• [DIRECTIONS FOR THIS TASK]
Every line of the data that includes "reach" should be copied out.

• [PROVIDED RECORDS]
_ _ _

(* Let $t\ge0$, $\ell\ge1$ and $k\ge1$ be integers. Let $G$ be a graph contained in $H\boxtimes L\boxtimes K_\ell$, where $H$ and $L$ are graphs and $H$ has treewidth at most $t$. Let $d:=\Delta(G^{\lfloor k/2\rfloor})$ and $D:=\Delta(L^{\lfloor k/2\rfloor})$. Then $G^k$ is contained in $J\boxtimes L^{2\lfloor k/2\rfloor+1}\boxtimes K_{\ell(d+1)(D+1)}$ for some graph $J$ with treewidth at most $\binom{2\lfloor k/2\rfloor+t+1}{t}-1$.
   Context: Graphs are finite, simple, undirected. Contained means isomorphic to a subgraph. The strong product $G_1\boxtimes G_2$ has vertex set $V(G_1)\times V(G_2)$ with distinct $(a,v),(b,u)$ adjacent iff ($a=b$ or $ab\in E(G_1)$) and ($u=v$ or $uv\in E(G_2)$). For an integer $m\ge0$, the $m$-th power $G^m$ has vertex set $V(G)$ with distinct $u,v$ adjacent iff $\mathrm{dist}_G(u,v)\le m$ (so $G^0$ is edgeless). $\Delta$ denotes maximum degree and $K_n$ the complete graph on $n$ vertices. *)

From mathcomp Require Import all_boot.
Set Implicit Arguments. Unset Strict Implicit. Unset Printing Implicit Defensive.

Record graph := Graph { vert : finType; adj : rel vert }.
Arguments adj : clear implicits.

Definition simple (G : graph) : Prop :=
  symmetric (adj G) /\ irreflexive (adj G).

Definition contained (G H : graph) : Prop :=
  exists f : vert G -> vert H,
    injective f /\ forall x y, adj G x y -> adj H (f x) (f y).

Definition sprod (G1 G2 : graph) : graph :=
  @Graph (vert G1 * vert G2)%type
    (fun x y => (x != y) && ((x.1 == y.1) || adj G1 x.1 y.1)
                          && ((x.2 == y.2) || adj G2 x.2 y.2)).

Definition complete (n : nat) : graph := @Graph 'I_n (fun x y => x != y).

Fixpoint reach {G : graph} (m : nat) (u v : vert G) : bool :=
  match m with
  | 0 => u == v
  | m'.+1 => reach m' u v || [exists w, reach m' u w && adj G w v]
  end.

Definition gpow (G : graph) (m : nat) : graph :=
  @Graph (vert G) (fun u v => (u != v) && reach m u v).

Definition maxdeg (G : graph) : nat :=
  \max_(v : vert G) #|[set w | adj G v w]|.

(* trees: simple, nonempty, connected, and every edge is a bridge (acyclic) *)
Definition is_tree (T : graph) : Prop :=
  simple T /\ (exists x : vert T, True) /\
  (forall x y : vert T, connect (adj T) x y) /\
  (forall x y : vert T, adj T x y ->
     ~~ connect (fun a b => adj T a b &&
                  ~~ (((a == x) && (b == y)) || ((a == y) && (b == x)))) x y).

_ _ _

• [REPLY TO THE TASK]
Fixpoint reach {G : graph} (m : nat) (u v : vert G) : bool :=
  | m'.+1 => reach m' u v || [exists w, reach m' u w && adj G w v]
  @Graph (vert G) (fun u v => (u != v) && reach m u v).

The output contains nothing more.